CHAPTER IX.
GLYCERIA.

Domitia returned to her apartments, quivering like an aspen in a light air; but no sooner was she there, than she summoned Eboracus, and said to him:—

“Be speedy. Follow Paris, and protect him. There is evil planned against him. Fly—lest you be too late.”

The slave departed at once.

Domitia paced the room, in an agony of mind, now shivering with cold, then with face burning. But it was not the humiliations to which she had been subjected that so affected her,—it was fear of what she suspected was meditated against the actor, and through him against Glyceria.

A cold sweat broke out on her brow, and icy tears formed on her long eyelashes. It seemed to her that for her to show favor to any one, was to bring destruction on that person. And hatred towards the Emperor became in her heart more intense and bitter.
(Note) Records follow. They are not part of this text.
Lemma ultra_add_ultra p q :
  UltraFilter p -> UltraFilter q -> UltraFilter (ultra_add p q).
Proof.
move=> pU qU; apply: ultra_filter_setVsetC => [|A]; last first.
  by rewrite /ultra_add /= shiftsetC //; exact: in_ultra_setVsetC.
apply: Build_ProperFilter; first by rewrite /ultra_add /= => /filter_ex[n /filter_ex[m]].
split.
- by rewrite /ultra_add /= shiftsetT; exact: filterT.
- move=> A B; rewrite /ultra_add /= => pA pB.
  by apply: filterS (filterI pA pB); exact: shiftsetI.
- by move=> A B AB; rewrite /ultra_add /=; apply: filterS; exact: shiftsetS.
Qed.

Lemma ultra_addA p q r : ultra_add (ultra_add p q) r = ultra_add p (ultra_add q r).
Proof.
apply/funext => A; rewrite /ultra_add /shiftset /=; congr (p _).
apply/funext => k; congr (q _); apply/funext => n; congr (r _).
by apply/funext => m; rewrite /= addnA.
Qed.

Lemma eventually_ultra_add p q :
  Filter p -> \oo `<=` q -> \oo `<=` ultra_add p q.
Proof.
move=> pF oq A [N _ NA]; rewrite /ultra_add /=; apply: filterE => n.
by apply/oq; exists N => // m /= Nm; apply: NA; rewrite /= (leq_trans Nm) ?leq_addl.
Qed.

Definition ultra_ext (F : set_system nat) : set (set_system nat) :=
  [set q | UltraFilter q /\ F `<=` q].

(* [F] stands for the closed subset [ultra_ext F] of βℕ \ ℕ, which is required
   to be a subsemigroup. *)
Definition semigroup_filter (F : set_system nat) : Prop :=
  [/\ ProperFilter F, \oo `<=` F &
      forall q r, ultra_ext F q -> ultra_ext F r -> F `<=` ultra_add q r].

Lemma semigroup_filter_eventually : semigroup_filter \oo.
Proof.
split=> [|//|q r [qU _] [_ rF]]; first exact: eventually_filter.
exact: eventually_ultra_add.
Qed.

Lemma semigroup_filter_bigcup (A : set (set_system nat)) :
  A !=set0 -> A `<=` semigroup_filter -> total_on A subset ->
  semigroup_filter (\bigcup_(F in A) F).
Proof.
move=> [G AG] Asg Atot; have [GF Goo _] := Asg G AG.
split.
- apply: Build_ProperFilter; first by move=> [F /Asg[FF _ _]]; apply: filter_not_empty.
  split; first by exists G => //; apply: filterT.
  + move=> X Y [F1 A1 F1X] [F2 A2 F2Y].
    have [F1F2|F2F1] := Atot _ _ A1 A2.
      by exists F2 => //; have [? _ _] := Asg F2 A2; apply: filterI => //; apply: F1F2.
    by exists F1 => //; have [? _ _] := Asg F1 A1; apply: filterI => //; apply: F2F1.
  + by move=> X Y XY [F AF FX]; exists F => //; have [? _ _] := Asg F AF; apply: filterS FX.
- by move=> X /Goo GX; exists G.
- move=> q r [qU Aq] [rU Ar] X [F AF FX]; have [_ _ Fsg] := Asg F AF.
  by apply: Fsg FX; split=> // Y FY; [apply: Aq | apply: Ar]; exists F.
Qed.

Lemma maximal_semigroup_filter : exists F, semigroup_filter F /\
  forall G, semigroup_filter G -> F `<=` G -> G `<=` F.
Proof.
pose T := {F : set_system nat | semigroup_filter F}.
pose le (F G : T) := `[< sval F `<=` sval G >].
have [F Fmax] : exists F : T, premaximal le F.
  apply: (ZL_preorder (exist _ _ semigroup_filter_eventually)).
  - by move=> F; apply/asboolP.
  - by move=> F G H /asboolP FG /asboolP GH; apply/asboolP; apply: subset_trans GH.
  move=> A Atot; have [[G AG] | A0] := pselect (A !=set0); last first.
    by exists (exist _ _ semigroup_filter_eventually) => G AG; case: A0; exists G.
  have Usg : semigroup_filter (\bigcup_(F in sval @` A) F).
    apply: semigroup_filter_bigcup; first by exists (sval G), G.
      by move=> _ [H _ <-]; exact: svalP.
    move=> _ _ [H1 A1 <-] [H2 A2 <-].
    by have [/asboolP|/asboolP] := Atot _ _ A1 A2; [left|right].
  by exists (exist _ _ Usg) => H AH; apply/asboolP => X HX; exists (sval H).
exists (sval F); split; first exact: svalP.
by move=> G Gsg FG; apply/asboolP/(Fmax (exist _ G Gsg))/asboolP.
Qed.

Lemma proper_filter_bigcap T I (D : set I) (Fs : I -> set_system T) :
  D !=set0 -> (forall i, D i -> ProperFilter (Fs i)) ->
  ProperFilter [set A | forall i, D i -> Fs i A].
Proof.
move=> [i0 Di0] DF; apply: Build_ProperFilter.
  by move=> /(_ i0 Di0); have := DF i0 Di0; apply: filter_not_empty.
split.
- by move=> i /DF iF; apply: filterT.
- by move=> A B FA FB i Di; have iF := DF i Di; apply: filterI; [apply: FA|apply: FB].
- by move=> A B AB FA i Di; have iF := DF i Di; apply: filterS AB (FA i Di).
Qed.

(* The filter generated by [F] and the sets [shiftset p A] for [r A]: its
   ultrafilter extensions are the [q] in [ultra_ext F] with [r `<=` q + p]. *)
Definition shift_meet (F r p : set_system nat) : set_system nat :=
  [set X | exists B A, [/\ F B, r A & B `&` shiftset p A `<=` X]].

Lemma shift_meet_filter F r p :
  Filter F -> Filter r -> Filter p -> Filter (shift_meet F r p).
Proof.
move=> FF rF pF; split.
- by exists setT, setT; split=> //; apply: filterT.
- move=> X Y [B1 [A1 [FB1 rA1 sX]]] [B2 [A2 [FB2 rA2 sY]]].
  exists (B1 `&` B2), (A1 `&` A2); split; [exact: filterI|exact: filterI|].
  move=> n [[B1n B2n] An]; split; [apply: sX|apply: sY]; split=> //;
    by apply: shiftsetS An => m [].
- move=> X Y XY [B [A [FB rA sX]]]; exists B, A; split=> //.
  exact: subset_trans XY.
Qed.

Lemma sub_shift_meet F r p : Filter r -> F `<=` shift_meet F r p.
Proof. by move=> rF B FB; exists B, setT; split=> //; apply: filterT. Qed.

Lemma shift_meet_sub F r p q : Filter q -> F `<=` q -> r `<=` ultra_add q p ->
  shift_meet F r p `<=` q.
Proof.
by move=> qF Fq rqp X [B [A [FB /rqp qA sX]]]; apply: filterS sX (filterI (Fq _ FB) qA).
Qed.

Lemma shift_meet_ultra_add F r p q : Filter F -> shift_meet F r p `<=` q ->
  r `<=` ultra_add q p.
Proof.
by move=> FF Fq A rA; apply: Fq; exists setT, A; split=> //; apply: filterT.
Qed.

(* The right translate [ultra_ext F + p] is closed. *)
Lemma ultra_add_closed F p r : ProperFilter F -> UltraFilter p -> UltraFilter r ->
  (forall A, (forall q, ultra_ext F q -> ultra_add q p A) -> r A) ->
  exists2 q, ultra_ext F q & r = ultra_add q p.
Proof.
move=> FF pU rU rcl.
have Fr_proper : ProperFilter (shift_meet F r p).
  apply: Build_ProperFilter; last exact: shift_meet_filter.
  move=> [B [A [FB rA sB]]]; apply: proper_filter_setC ultra_proper rA _.
  apply: rcl => q [qU Fq]; rewrite /ultra_add /= shiftsetC //.
  by apply: filterS (Fq _ FB) => n Bn shA; apply: (sB n).
have [q [qU Fq]] := ultraFilterLemma Fr_proper.
exists q; first by split=> //; apply: subset_trans Fq; apply: sub_shift_meet.
apply/esym/max_filter; first exact: @ultra_proper _ _ (ultra_add_ultra qU pU).
exact: shift_meet_ultra_add Fq.
Qed.

Section MinimalSemigroup.
Variable F : set_system nat.
Hypothesis Fsg : semigroup_filter F.
Hypothesis Fmin : forall G, semigroup_filter G -> F `<=` G -> G `<=` F.

Lemma ultra_ext_add q r : ultra_ext F q -> ultra_ext F r -> ultra_ext F (ultra_add q r).
Proof.
have [_ _ Fadd] := Fsg; move=> [qU Fq] [rU Fr].
by split; [exact: ultra_add_ultra|exact: Fadd].
Qed.

(* [ultra_ext F + p] is a closed subsemigroup of [ultra_ext F], hence equal to it
   by minimality. *)
Lemma ultra_ext_left_unit p : ultra_ext F p -> exists2 q, ultra_ext F q & ultra_add q p = p.
Proof.
move=> [pU Fp]; have [FF Foo Fadd] := Fsg.
pose F' := [set A | forall q, ultra_ext F q -> ultra_add q p A].
have FF' : F `<=` F' by move=> A FA q Fq; apply: Fadd.
have F'sg : semigroup_filter F'.
  split; [|exact: subset_trans Foo FF'|].
    apply: proper_filter_bigcap; first by exists p.
    by move=> q [qU _]; exact: @ultra_proper _ _ (ultra_add_ultra qU pU).
  move=> r1 r2 [r1U F'r1] [r2U F'r2].
  have [q1 Fq1 ->] := ultra_add_closed FF pU r1U F'r1.
  have [q2 Fq2 ->] := ultra_add_closed FF pU r2U F'r2.
  move=> A F'A; rewrite -ultra_addA; apply: F'A.
  by do 2 apply: ultra_ext_add => //.
have [q Fq pq] : exists2 q, ultra_ext F q & p = ultra_add q p.
  by apply: ultra_add_closed => // A /(Fmin F'sg FF') /Fp.
by exists q.
Qed.

(* The [q] in [ultra_ext F] with [q + p = p] form a closed subsemigroup, which
   is nonempty by [ultra_ext_left_unit], hence contains [p]. *)
Lemma ultra_ext_idempotent p : ultra_ext F p -> ultra_add p p = p.
Proof.
move=> Fp; have [pU Fp'] := Fp; have [FF Foo _] := Fsg.
pose F'' := shift_meet F p p.
have fixed q : ultra_ext F'' q -> ultra_ext F q /\ ultra_add q p = p.
  move=> [qU F''q]; split; first by split=> //; apply: subset_trans F''q; exact: sub_shift_meet.
  apply: max_filter; first exact: @ultra_proper _ _ (ultra_add_ultra qU pU).
  exact: shift_meet_ultra_add F''q.
have F''sg : semigroup_filter F''.
  split; [|by apply: subset_trans Foo _; exact: sub_shift_meet|].
    apply: Build_ProperFilter; last exact: shift_meet_filter.
    have [q0 [q0U Fq0] q0p] := ultra_ext_left_unit Fp.
    have F''q0 : F'' `<=` q0 by apply: shift_meet_sub Fq0 _; rewrite q0p.
    by move=> /F''q0 /filter_not_empty.
  move=> q1 q2 /fixed[Fq1 q1p] /fixed[Fq2 q2p].
  have [q12U Fq12] := ultra_ext_add Fq1 Fq2.
  by apply: shift_meet_sub Fq12 _; rewrite ultra_addA q2p q1p.
have F''F : F'' `<=` F by apply: Fmin F''sg _; exact: sub_shift_meet.
by have [|_ //] := fixed p; split=> //; apply: subset_trans F''F Fp'.
Qed.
She could think of nothing else but the danger that menaced Paris. She went out on the terrace, and the wind blowing over her moist brow chilled her; she drew her mantle more closely around her, and re-entered the palace. Already night was falling, for the days were becoming short.

Her heart cried out for something to which to cling, for some one to whom to appeal against the overwhelming evil and tyranny that prevailed.

Was there no power in earth above the Cæsar? There was none. No power in heaven? She could not tell; all there was dark and doubtful. There was a Nemesis—but slow of step, and only overtaking the evil-doer when too late to prevent the misery he wrought, sometimes so lagging as not to catch him at all, and so blind as often to strike the innocent in place of the guilty. No cry of the sufferer could reach this torpid Nemesis and rouse her to quicker action. She was a deity bungling, deaf and blind.